Didukung oleh
Markets and Prices

Penurunan Dolar dan Kejatuhan Hasil: QCP Mengungkapkan Jalur Hidup Tersembunyi untuk Aset Risiko yang Terpuruk

Artikel ini diterbitkan lebih dari sebulan yang lalu. Beberapa informasi mungkin sudah tidak terkini.

QCP Capital menyoroti pembalikan tajam dalam optimisme pasar pasca pemilu seiring saham AS dan crypto menghadapi penjualan besar-besaran di tengah perubahan sentimen fiskal dan risiko.

DITULIS OLEH
BAGIKAN
Penurunan Dolar dan Kejatuhan Hasil: QCP Mengungkapkan Jalur Hidup Tersembunyi untuk Aset Risiko yang Terpuruk

Bitcoin Uji Level Dukungan Utama di Tengah Gejolak Pasar

QCP Capital melaporkan bahwa pasar saham AS memperpanjang penurunan setelah pernyataan terbaru mantan Presiden Donald Trump, dengan S&P 500 dan Nasdaq turun masing-masing 2,7% dan 3,8%, menandai kerugian satu hari terbesar untuk saham teknologi “Magnificent 7” lebih dari $830 miliar.

Menurut QCP, sentimen bearish awal pekan melonjak ketika volume opsi put ekuitas AS mencapai tertinggi sejak 2020, dipicu oleh wawancara Trump dengan Fox News di mana dia meremehkan risiko resesi, menyebut potensi penurunan sebagai langkah korektif yang diperlukan.

Penurunan Dolar dan Penurunan Imbal Hasil: QCP Mengungkap Jalur Hidup Tersembunyi untuk Aset Berisiko yang Terkapar
BTC/USD via Bitstamp 1H chart on March 11, 2025.

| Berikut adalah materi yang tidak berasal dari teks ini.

Lemma cycle_arc_partner (C1 C2 A B X1 : {set E}) v w : C1 \in Fam -> C2 \in Fam ->
  X1 \subset C1 -> path_between X1 v w -> v != w -> v \in vset C2 -> w \in vset C2 ->
  (forall X : {set E}, X \subset C2 -> path_between X v w -> X = A \/ X = B) ->
  contains_member (X1 :|: A) \/ contains_member (X1 :|: B).
Proof.
move=> H1 H2 S1 P1 vw v2 w2 arcs.
have [X2 [SX2 PX2] HD] := completable_path_between H1 H2 S1 P1 vw v2 w2.
by case: (arcs X2 SX2 PX2) => <-; [left|right].
Qed.

End Completion.
End Cycles.

Theorem theorem4p4 (V E : finType) (dir : bool) (src tgt : E -> V)
    (Fam : {set {set E}}) :
  cycle_family dir src tgt Fam ->
  uncrossable dir src tgt Fam ->
  strongly_uncrossable dir src tgt Fam.
Proof.
move=> HF HU C1 C2 H1 H2 v w vw v1 w1 v2 w2.
have [A1 [B1 [EB1 EA1 PA1 PB1 arcs1]]] := cycle_arcs (HF _ H1) vw v1 w1.
have [A2 [B2 [EB2 EA2 PA2 PB2 arcs2]]] := cycle_arcs (HF _ H2) vw v2 w2.
have SA1 : A1 \subset C1 by rewrite -EA1 subsetDl.
have SB1 : B1 \subset C1 by rewrite -EB1 subsetDl.
have SA2 : A2 \subset C2 by rewrite -EA2 subsetDl.
have SB2 : B2 \subset C2 by rewrite -EB2 subsetDl.
have partner2 (X1 : {set E}) : X1 \subset C1 -> path_between dir src tgt X1 v w ->
    contains_member Fam (X1 :|: A2) \/ contains_member Fam (X1 :|: B2).
  by move=> S1 P1; exact: (cycle_arc_partner HF HU H1 H2 S1 P1 vw v2 w2 arcs2).
have partner1 (X2 : {set E}) : X2 \subset C2 -> path_between dir src tgt X2 v w ->
    contains_member Fam (A1 :|: X2) \/ contains_member Fam (B1 :|: X2).
  move=> S2 P2; rewrite [A1 :|: _]setUC [B1 :|: _]setUC.
  exact: (cycle_arc_partner HF HU H2 H1 S2 P2 vw v1 w1 arcs1).
have [[AA BB]|[AB BA]] :
    contains_member Fam (A1 :|: A2) /\ contains_member Fam (B1 :|: B2) \/
    contains_member Fam (A1 :|: B2) /\ contains_member Fam (B1 :|: A2).
  move: (partner2 _ SA1 (or_introl PA1)) (partner2 _ SB1 (or_intror PB1)).
  by move: (partner1 _ SA2 (or_introl PA2)) (partner1 _ SB2 (or_intror PB2)); tauto.
- by exists A1, A2; split; [split; [|left] | split; [|left] | | rewrite EB1 EB2].
- by exists A1, B2; split; [split; [|left] | split; [|right] | | rewrite EB1 EA2].
Qed.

QCP mencatat peran bitcoin sebagai “katup tekanan” untuk aset berisiko, dengan BTC sebentar jatuh di bawah $80,000 ketika investor mencari perlindungan put. Namun, perdagangan awal Asia mengungkapkan permintaan tak terduga untuk opsi call jangka panjang, menunjukkan bahwa pedagang mungkin mengambil posisi untuk rebound dari level dukungan $75,000 yang terlihat sebelum pemilu.

Perusahaan menekankan korelasi bitcoin yang terus berlanjut dengan tren aset risiko yang lebih luas. Meskipun terjadi gejolak ekuitas, QCP mengamati bahwa imbal hasil Treasury 10-tahun turun sekitar 60 basis poin, sementara dolar AS melemah—kombinasi yang secara historis positif untuk aset berisiko berdenominasi USD seperti ekuitas dan crypto.

Penurunan imbal hasil juga memperlunak biaya pinjaman untuk pemerintah AS, yang menghadapi kebutuhan refinancing yang signifikan. QCP menekankan kekhawatiran seputar pemotongan pajak yang diusulkan Trump dan kebijakan fiskal ekspansioner, yang dapat membebani proyeksi defisit. Namun, perusahaan mencatat bahwa tingkat imbal hasil saat ini memberikan bantuan fiskal sementara, menciptakan latar belakang yang kompleks bagi investor yang menavigasi risiko kebijakan dan volatilitas pasar.

Analisis QCP Capital melukiskan gambaran yang rumit: Sementara pergerakan langsung yang menghindari risiko mendominasi, kondisi makroekonomi yang berubah dan perkembangan kebijakan dapat mengkalibrasi ulang lintasan pasar dalam beberapa minggu mendatang.